## Your goal
Lines with the string "tiAM" must each be copied from the listing.

## Information shown

(* Let $H$ be a subdirect product of $H_1 \times \cdots \times H_r$ and let $\pi_i\colon H \to H_i$ be the projection onto the $i$th factor. Assume that $N$ is a soluble normal subgroup of $H$ such that $H/N \cong T^\ell$, where $T$ is a nonabelian simple group and $\ell$ is a positive integer. Then there exist nonnegative integers $\ell_1, \dots, \ell_r$ with $\ell_1 + \cdots + \ell_r \geq \ell$ such that $H_i/N\pi_i \cong T^{\ell_i}$ for all $1 \leq i \leq r$.
   Context: $H$ is a subdirect product of $H_1\times\cdots\times H_r$ means $H \leq H_1\times\cdots\times H_r$ and each coordinate projection restricted to $H$ is surjective. $N\pi_i$ denotes the image of $N$ under $\pi_i$. *)

From HB Require Import structures.
From mathcomp Require Import all_boot all_fingroup all_solvable.
Set Implicit Arguments. Unset Strict Implicit. Unset Printing Implicit Defensive.
Import GroupScope.
Local Open Scope group_scope.

Definition isog_pow (gT tT : finGroupType) (G : {set gT}) (T : {set tT})
  (l : nat) : Prop :=
  exists K : 'I_l -> {group gT},
    \big[dprod/1]_(j < l) (K j : {set gT}) = G /\ forall j, K j \isog T.

From HB Require Import structures.
From mathcomp Require Import all_boot all_fingroup all_solvable.
Set Implicit Arguments. Unset Strict Implicit. Unset Printing Implicit Defensive.
Import GroupScope.
Local Open Scope group_scope.

(* Each H_i / N pi_i is the image of H / N ~ T^l under the map q_i induced
   by pi_i, hence a quotient of T^l, hence itself a power T^(l_i): a normal
   subgroup of a direct product with a nonabelian simple factor either contains
   that factor or lies in the complementary factor.  The intersection M of the
   kernels of the q_i is soluble, because its preimage L in H satisfies
   L pi_i <= N pi_i for every i and H embeds in the product of the H_i.  As T^l
   has no nontrivial soluble normal subgroup, M = 1, so H / N embeds in the
   product of the H_i / N pi_i and |T|^l <= |T|^(l_1 + ... + l_r). *)

Lemma simple_nonabelian_center1 (gT : finGroupType) (G : {group gT}) :
  simple G -> ~~ abelian G -> 'Z(G) = 1.
Proof.
move=> simG nabG; have [_ /(_ _ (center_normal G))] := simpleP _ simG.
by case=> // /center_idP abG; rewrite abG in nabG.
Qed.

Lemma dprod_simple_normal (gT : finGroupType) (A B G M : {group gT}) :
    A \x B = G -> simple A -> ~~ abelian A -> M <| G ->
  A \subset M \/ M \subset B.
Proof.
move=> defG simA nabA nsMG.
have [/andP[sAG nAG] /andP[sBG nBG]] := dprod_normal2 defG.
have [sMG nMG] := andP nsMG.
have [_ /(_ _ (normalGI sAG nsMG))] := simpleP _ simA.
case=> [tiAM | /setIidPl]; [right | by left].
have cAM : A \subset 'C(M).
  apply/commG1P/trivgP; rewrite -tiAM (@commg_subI _ A M A M) //.
    by rewrite subsetI subxx (subset_trans sAG nMG).
  by rewrite subsetI subxx (subset_trans sMG nAG).
have nABA : A \subset 'N(A) :&: 'N(B).
  by rewrite subsetI normG (subset_trans sAG nBG).
have /dprodW := subcent_dprod defG nABA.
rewrite -[X in X * _]/('Z(A)) simple_nonabelian_center1 // mul1g => defCGA.
by apply: subset_trans (subsetIl B 'C(A)); rewrite defCGA subsetI sMG centsC.
Qed.

Section DirectPower.

Variables (tT : finGroupType) (T : {group tT}).

Lemma isog_pow0 (gT : finGroupType) (G : {group gT}) :
  isog_pow G T 0 <-> G :=: 1.
Proof.
split; first by case=> K [<- _]; rewrite big_ord0.
by move->; exists (fun=> 1%G); split; [rewrite big_ord0 | case].
Qed.

Lemma isog_powS (gT : finGroupType) (G : {group gT}) k :
  isog_pow G T k.+1 <->
  exists A B : {group gT}, [/\ A \x B = G, A \isog T & isog_pow B T k].
Proof.
split.
  case=> K [defG isoK]; rewrite big_ord_recl in defG.
  have [[_ B _ defB] _ _ _] := dprodP defG.
  exists (K ord0), B; split => //; first by rewrite -defB.
  by exists (fun j => K (lift ord0 j)); split.
case=> A [B [defG isoA [K [defB isoK]]]].
exists (fun j => if unlift ord0 j is Some j' then K j' else A); split.
  rewrite big_ord_recl unlift_none.
  by under eq_bigr do rewrite liftK; rewrite defB.
by move=> j; case: unliftP.
Qed.

Lemma card_isog_pow (gT : finGroupType) (G : {group gT}) k :
  isog_pow G T k -> #|G| = (#|T| ^ k)%N.
Proof.
case=> K [defG isoK]; rewrite -(bigdprod_card defG).
rewrite -[k in RHS]card_ord -prod_nat_const.
by apply: eq_bigr => j _; apply: card_isog.
Qed.

Lemma isog_pow_isog (gT rT : finGroupType) (G : {group gT}) (R : {group rT}) k :
  G \isog R -> isog_pow G T k -> isog_pow R T k.
Proof.
case/isogP=> f injf <- [K [defG isoK]].
have sKG j : K j \subset G.
  by rewrite -(bigdprodWY defG) sub_gen // (bigcup_sup j).
exists (fun j => f @* K j)%G; split; first exact: injm_bigdprod.
by move=> j; apply: isog_trans (isoK j); rewrite isog_sym sub_isog.
Qed.

Hypotheses (simT : simple T) (nabT : ~~ abelian T).

Lemma isog_pow_sol_normal_trivg (gT : finGroupType) (G M : {group gT}) k :
  isog_pow G T k -> M <| G -> solvable M -> M :=: 1.
Proof.
elim: k G => [|k IHk] G.
  by move/isog_pow0=> G1 /andP[sMG _] _; apply/trivgP; rewrite -G1.
case/isog_powS=> A [B [defG isoA powB]] nsMG solM.
have simA : simple A by rewrite (isog_simple isoA).
have nabA : ~~ abelian A by rewrite (isog_abelian isoA).
have [sAM | sMB] := dprod_simple_normal defG simA nabA nsMG.
  have /simple_sol_prime/(_ simA)/prime_cyclic/cyclic_abelian abA :=
    solvableS sAM solM.
  by rewrite abA in nabA.
have [_ /andP[sBG _]] := dprod_normal2 defG.
exact: IHk B powB (normalS sMB sBG nsMG) solM.
Qed.

Lemma isog_pow_quotient (gT : finGroupType) (G M : {group gT}) k :
  isog_pow G T k -> M <| G -> exists m, isog_pow (G / M) T m.
Proof.
elim: k G M => [|k IHk] G M.
  by move/isog_pow0=> G1 _; exists 0; apply/isog_pow0; rewrite /= G1 quotient1.
case/isog_powS=> A [B [defG isoA powB]] nsMG.
have simA : simple A by rewrite (isog_simple isoA).
have nabA : ~~ abelian A by rewrite (isog_abelian isoA).
have [/andP[sAG _] /andP[sBG _]] := dprod_normal2 defG.
have [_ defAB _ tiAB] := dprodP defG.
have [sMG nMG] := andP nsMG.
have [sAM | sMB] := dprod_simple_normal defG simA nabA nsMG.
  have [m powBM] := IHk B _ powB (normalGI sBG nsMG).
  have -> : G / M = B / M.
    by rewrite -defAB -quotientMidl mulgA mulGSid // quotientMidl.
  exists m; apply: isog_pow_isog powBM.
  by rewrite /= setIC second_isog ?(subset_trans sBG nMG).
have [m powBM] := IHk B M powB (normalS sMB sBG nsMG).
have tiMA : M :&: A = 1 by apply/trivgP; rewrite -tiAB setIC setSI.
exists m.+1; apply/isog_powS; exists (A / M)%G, (B / M)%G; split=> //.
  rewrite dprodEcp; first exact: quotient_cprod (dprodWcp defG).
  by rewrite -quotientIG // tiAB quotient1.
apply: (isog_trans _ isoA).
by rewrite isog_sym quotient_isog ?(subset_trans sAG nMG).
Qed.

End DirectPower.

Lemma card_leq_bigcap_quotient (gT : finGroupType) (I : Type) (s : seq I)
    (K : I -> {group gT}) (G : {group gT}) :
  (forall i, G \subset 'N(K i)) ->
  (#|G| <= #|G :&: \bigcap_(i <- s) K i| * \prod_(i <- s) #|G / K i|)%N.
Proof.
elim: s G => [|i s IHs] G nKG; first by rewrite !big_nil setIT muln1.
rewrite !big_cons setIA mulnCA -(Lagrange (subsetIl G (K i))) indexgI.
rewrite -card_quotient // mulnC leq_mul2l; apply/orP; right.
have nKGi j : G :&: K i \subset 'N(K j) := subset_trans (subsetIl _ _) (nKG j).
apply: leq_trans (IHs _ nKGi) _; rewrite leq_mul2l; apply/orP; right.
by apply: leq_prod => j _; rewrite subset_leq_card ?quotientS ?subsetIl.
Qed.

Lemma isog_pow_bigcap_leq (gT tT : finGroupType) (T : {group tT}) (I : finType)
    (G : {group gT}) (K : I -> {group gT}) l (ls : I -> nat) :
    T :!=: 1 -> isog_pow G T l -> (forall i, G \subset 'N(K i)) ->
    (forall i, isog_pow (G / K i) T (ls i)) -> G :&: \bigcap_i K i = 1 ->
  (l <= \sum_i ls i)%N.
Proof.
move=> ntT powG nKG powGK tiGK.
have := card_leq_bigcap_quotient (index_enum I) nKG.
rewrite tiGK cards1 mul1n (card_isog_pow powG).
under eq_bigr do rewrite (card_isog_pow (powGK _)).
by rewrite -expn_sum leq_exp2l ?cardG_gt1.
Qed.

Lemma bigcap_ker_sol (gT rT : finGroupType) (D : {group gT}) (I : Type)
    (s : seq I) (f : I -> {morphism D >-> rT}) (G : {group gT}) :
    G \subset D -> (forall i, solvable (f i @* G)) ->
  solvable (G :&: \bigcap_(i <- s) 'ker (f i)) -> solvable G.
Proof.
elim: s G => [|i s IHs] G sGD solfG; first by rewrite big_nil setIT.
rewrite big_cons setIA => /IHs solGK.
have sGKD : G :&: 'ker (f i) \subset D := subset_trans (subsetIl _ _) sGD.
rewrite (series_sol (normalGI sGD (ker_normal (f i)))) solGK //.
  by rewrite (isog_sol (first_isog_loc (f i) sGD)) solfG.
by move=> j; apply: solvableS (solfG j); rewrite morphimS ?subsetIl.
Qed.

Lemma morphim_coset_ker_quotm (gT rT : finGroupType) (G H : {group gT})
    (f : {morphism G >-> rT}) (nsHG : H <| G) :
  f @* (coset H @*^-1 'ker (quotm f nsHG)) = f @* H.
Proof.
have nHkerf : 'ker f \subset 'N(H).
  by apply: subset_trans (normal_norm nsHG); apply/subsetP=> x /dom_ker.
by rewrite ker_quotm quotientK // morphimMl ?normal_sub // morphim_ker mulg1.
Qed.

Lemma sol_bigcap_ker_quotm (gT rT : finGroupType) (I : finType)
    (H N : {group gT}) (pi : I -> {morphism H >-> rT}) (nsNH : N <| H) :
    solvable N -> solvable (H :&: \bigcap_i 'ker (pi i)) ->
  solvable (H / N :&: \bigcap_i 'ker (quotm (pi i) nsNH)).
Proof.
move=> solN solHK; set M := _ :&: _.
pose L := coset N @*^-1 M.
have sLH : L \subset H by rewrite -(quotientGK nsNH) morphpreS ?subsetIl.
have <- : L / N = M.
  apply: morphpreK; apply: subset_trans (subsetIl _ _) _.
  exact: quotientS _ (normal_norm nsNH).
apply/quotient_sol/(bigcap_ker_sol (s := index_enum I) (f := pi) sLH) => [i|].
  apply: solvableS (morphim_sol (pi i) solN).
  rewrite /= -(morphim_coset_ker_quotm (pi i) nsNH) morphimS // morphpreS //.
  exact: subset_trans (subsetIr _ _) (bigcap_inf i isT).
by apply: solvableS solHK; rewrite setSI.
Qed.

Theorem corollary2p6 (gT rT tT : finGroupType) (r : nat)
  (H N : {group gT}) (Hi : 'I_r -> {group rT})
  (pi : forall i : 'I_r, {morphism H >-> rT})
  (pi_onto : forall i, pi i @* H = Hi i)
  (pi_inj : H :&: \bigcap_(i < r) 'ker (pi i) = 1)
  (T : {group tT}) (l : nat)
  (nsNH : N <| H) (solN : solvable N)
  (simT : simple T) (nabT : ~~ abelian T) (l_gt0 : (0 < l)%N)
  (isoHN : isog_pow (H / N) T l) :
  exists ls : 'I_r -> nat,
    (l <= \sum_(i < r) ls i)%N /\
    forall i, isog_pow (Hi i / (pi i @* N)) T (ls i).
Proof.
pose q i := quotm_morphism (pi i) nsNH.
have /fin_all_exists[ls powQ] i : exists m, isog_pow (H / N / 'ker (q i)) T m.
  exact: (isog_pow_quotient simT nabT isoHN (ker_normal (q i))).
exists ls; split=> [|i]; last first.
  rewrite -(pi_onto i) -morphim_quotm.
  exact: isog_pow_isog (first_isog (q i)) (powQ i).
apply: (@isog_pow_bigcap_leq _ _ T _ (H / N)%G (fun i => 'ker (q i))%G l ls
          _ isoHN _ powQ).
- by case/simpleP: simT.
- exact: (fun i => ker_norm (q i)).
apply: (isog_pow_sol_normal_trivg simT nabT isoHN).
- rewrite /normal subsetIl normsI ?normG // norms_bigcap //.
  by apply/bigcapsP=> i _; apply: ker_norm.
- by apply: sol_bigcap_ker_quotm => //; rewrite pi_inj solvable1.
Qed.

## Solution to this exercise
case=> [tiAM | /setIidPl]; [right | by left].
  apply/commG1P/trivgP; rewrite -tiAM (@commg_subI _ A M A M) //.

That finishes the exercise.